When i search in synaptic, it shows firefox 20.0.6 as latest. I tried reloading the list too.

I have download the tar.gz file from mozilla.com. How to use it?


----------



## ray|raven (Nov 30, 2007)

The tar.gz package is meant for linux distro's that dont have native packages to install firefox from.
To use it , all you need to do is extract the archive and run firefox.
But, it wont update the existing firefox on your system,
I'd say ,wait a few days till the package is updated on the repository or get the ubuntu deb and install it,
Coz ubuntu and mint are compatible.

Here's the ubuntu deb if u'r intrested,
*security.ubuntu.com/ubuntu/pool/main/f/firefox/firefox_2.0.0.10+2nobinonly-0ubuntu1.7.10.1_i386.deb

Regards,
ray


----------



## gary4gar (Nov 30, 2007)

Is you want the latest packages then then you can also enable Release candidate updates too
*img144.imageshack.us/img144/8418/screenshotsoftwaresourcqv3.th.png


----------



## gxsaurav (Nov 30, 2007)

I just upgraded my firefox using Ubuntuzilla script. NOw running 2.0.0.10 & installing add ons in it.

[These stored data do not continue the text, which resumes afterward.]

(* Let $\mathcal{C}$ be a Fraïssé class of finite structures over a finite relational language, and let $M$ be its Fraïssé limit. Assume that every structure in $\mathcal{C}$ is rigid (has trivial automorphism group). Then at least one of the following holds: (a) $M$ has a reduct which is a total order, i.e. there is a strict total order on the domain of $M$ that is definable in $M$ by a first-order formula without parameters; (b) there are structures $A,B\in\mathcal{C}$ with $|A|=2$ which witness that $\mathcal{C}$ is not a Ramsey class, i.e. for every $C\in\mathcal{C}$ there is a colouring of the embeddings $A\to C$ with two colours such that no embedding $g:B\to C$ is monochromatic.
   Context: All structures are non-empty, and classes are closed under isomorphism and hereditary (closed under induced substructures). A Fraïssé class is such a class satisfying the joint embedding property (any two members embed in a common member) and the amalgamation property (for $A,B_1,B_2\in\mathcal{C}$ and embeddings $f_i:A\to B_i$ there exist $C\in\mathcal{C}$ and embeddings $g_i:B_i\to C$ with $g_1\circ f_1=g_2\circ f_2$). Its Fraïssé limit is the unique countable homogeneous structure whose age (class of finite structures embeddable in it) is $\mathcal{C}$; homogeneous means every isomorphism between finite substructures extends to an automorphism. An embedding $g:B\to C$ is monochromatic for a colouring of the embeddings $A\to C$ if all embeddings $A\to C$ whose image is contained in the image of $g$ receive the same colour. $\mathcal{C}$ is a Ramsey class if for all $A,B\in\mathcal{C}$ there is $C\in\mathcal{C}$ such that every $2$-colouring of the embeddings $A\to C$ admits a monochromatic embedding $B\to C$. *)

From mathcomp Require Import all_boot.
Set Implicit Arguments. Unset Strict Implicit. Unset Printing Implicit Defensive.

Section FirstOrder.
Variables (L : finType) (ar : L -> nat).

Record struct := Struct {
  car : Type;
  srel : forall s : L, ('I_(ar s) -> car) -> Prop }.

Definition embedding (A B : struct) (f : car A -> car B) : Prop :=
  injective f /\ forall (s : L) (t : 'I_(ar s) -> car A), srel t <-> srel (f \o t).

Definition isomorphism (A B : struct) (f : car A -> car B) : Prop :=
  embedding f /\ bijective f.

Definition automorphism (A : struct) (f : car A -> car A) : Prop :=
  isomorphism f.

Definition rigid (A : struct) : Prop :=
  forall f : car A -> car A, automorphism f -> forall x, f x = x.

Definition finite_set (T : Type) (S : T -> Prop) : Prop :=
  exists n (g : 'I_n -> T), forall x, S x -> exists i, g i = x.

Definition finite_struct (A : struct) : Prop := finite_set (fun _ : car A => True).
Definition nonempty_struct (A : struct) : Prop := inhabited (car A).
Definition countable_struct (A : struct) : Prop :=
  exists f : car A -> nat, injective f.

Definition two_elements (A : struct) : Prop :=
  exists a b : car A, a <> b /\ forall x, x = a \/ x = b.

Definition iso_closed (C : struct -> Prop) : Prop :=
  forall A B (f : car A -> car B), C A -> isomorphism f -> C B.

Definition hereditary (C : struct -> Prop) : Prop :=
  forall A B (f : car A -> car B), C B -> nonempty_struct A -> embedding f -> C A.

Definition JEP (C : struct -> Prop) : Prop :=
  forall A B, C A -> C B -> exists D, C D /\
    (exists f : car A -> car D, embedding f) /\ (exists g : car B -> car D, embedding g).

Definition AP (C : struct -> Prop) : Prop :=
  forall A B1 B2 (f1 : car A -> car B1) (f2 : car A -> car B2),
    C A -> C B1 -> C B2 -> embedding f1 -> embedding f2 ->
    exists D (g1 : car B1 -> car D) (g2 : car B2 -> car D),
      C D /\ embedding g1 /\ embedding g2 /\ forall a, g1 (f1 a) = g2 (f2 a).

Definition fraisse_class (C : struct -> Prop) : Prop :=
  (forall A, C A -> finite_struct A /\ nonempty_struct A) /\
  iso_closed C /\ hereditary C /\ JEP C /\ AP C.

Definition age_is (M : struct) (C : struct -> Prop) : Prop :=
  forall A, C A <-> (finite_struct A /\ nonempty_struct A /\
                     exists f : car A -> car M, embedding f).

Definition partial_iso (M : struct) (S T : car M -> Prop) (p : car M -> car M) : Prop :=
  (forall x, S x -> T (p x)) /\
  (forall x y, S x -> S y -> p x = p y -> x = y) /\
  (forall y, T y -> exists x, S x /\ p x = y) /\
  (forall (s : L) (t : 'I_(ar s) -> car M), (forall i, S (t i)) ->
      (srel t <-> srel (p \o t))).

Definition homogeneous (M : struct) : Prop :=
  forall (S T : car M -> Prop) (p : car M -> car M),
    finite_set S -> finite_set T -> partial_iso S T p ->
    exists sigma : car M -> car M, automorphism sigma /\ forall x, S x -> sigma x = p x.

Definition fraisse_limit (C : struct -> Prop) (M : struct) : Prop :=
  countable_struct M /\ homogeneous M /\ age_is M C.

Inductive formula : Type :=
  | FRel (s : L) (v : 'I_(ar s) -> nat)
  | FEq (i j : nat)
  | FNot (phi : formula)
  | FAnd (phi psi : formula)
  | FOr (phi psi : formula)
  | FImp (phi psi : formula)
  | FEx (i : nat) (phi : formula)
  | FAll (i : nat) (phi : formula).

Definition update (T : Type) (e : nat -> T) (i : nat) (a : T) : nat -> T :=
  fun n => if n == i then a else e n.

Fixpoint sat (M : struct) (e : nat -> car M) (phi : formula) : Prop :=
  match phi with
  | FRel s v => srel (fun k => e (v k))
  | FEq i j => e i = e j
  | FNot p => ~ sat e p
  | FAnd p q => sat e p /\ sat e q
  | FOr p q => sat e p \/ sat e q
  | FImp p q => sat e p -> sat e q
  | FEx i p => exists a, sat (update e i a) p
  | FAll i p => forall a, sat (update e i a) p
  end.

Definition env2 (T : Type) (x y : T) : nat -> T :=
  fun n => if n is 0 then x else y.

Definition strict_total_order (T : Type) (R : T -> T -> Prop) : Prop :=
  (forall x, ~ R x x) /\
  (forall x y z, R x y -> R y z -> R x z) /\
  (forall x y, x <> y -> R x y \/ R y x).

Definition has_definable_total_order (M : struct) : Prop :=
  exists phi : formula,
    strict_total_order (fun x y : car M => sat (env2 x y) phi).

Definition not_ramsey_witness (C : struct -> Prop) (A B : struct) : Prop :=
  forall D, C D ->
    exists chi : (car A -> car D) -> bool,
      forall g : car B -> car D, embedding g ->
        exists f1 f2 : car A -> car D,
          embedding f1 /\ embedding f2 /\
          (forall a, exists b, f1 a = g b) /\ (forall a, exists b, f2 a = g b) /\
          chi f1 <> chi f2.

End FirstOrder.

From mathcomp Require Import all_boot boolp.
From Stdlib Require List.
Set Implicit Arguments. Unset Strict Implicit. Unset Printing Implicit Defensive.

One problem in firefox, font rendering is way worse compared to 2.0.0.6...why is that?

ANd hey, I need some download manager for firefox like Orbit downloader in WIndows. Fx's default downloader sux


----------



## iMav (Nov 30, 2007)

^^ font problem is buggin me too i have swtiched back to windows only coz of ff's fonts


----------



## gxsaurav (Nov 30, 2007)

I downloaded gwget, so far it seems to work fine with firefox & flashgot. 

I downloaded that deb package for firefox but when i try to install it, it says "A later version is already installed"


----------



## infra_red_dude (Nov 30, 2007)

Actually, I don't find any problems with fonts on my system (I've posted screenshots in the other thread). Of corz I've tweaked them (as Manan did). But I fail to see why are you guys facing the problem.


----------



## gxsaurav (Nov 30, 2007)

I m only getting problem in Firefox 2.0.0.10, the one I installed via Ubuntuzilla. REvarted back to 2.0.0.6

Installed Pidgin 2.3 using the packages available at getdeb.net. Works fine.

SO far only Pidgin & my desktop is configure properly, How to get latest firefox?


----------



## Faun (Nov 30, 2007)

Fonts are not an issue


----------



## iMav (Nov 30, 2007)

that kinda display for fonts within the browser im getting only on windows and os x but not in ubuntu


----------



## gxsaurav (Nov 30, 2007)

Enough of configuring for today, I need to do timepass now so back to Windows.

So far, Pidgin, & Firefox are properly configured. Except for the latest version of firefox.

Next up will be a music player. I don't like amarok & have installed Exaile & Rythembox. Will talk about those later.

Hey, which icons are those in Ubuntu by default? Tango?


----------



## QwertyManiac (Nov 30, 2007)

No, Human ones, as are the other elements.


----------



## gxsaurav (Nov 30, 2007)

Ok...I want to change all icons in my system from whatever i m using to Tango icons, how can i do that?


----------



## Faun (Nov 30, 2007)

create a ".icons" folder in home directory
(it may be already created)

Just press CTRL + H in home directory to see hidden .icons folder.

Extract any icon theme or cursor theme to this directory .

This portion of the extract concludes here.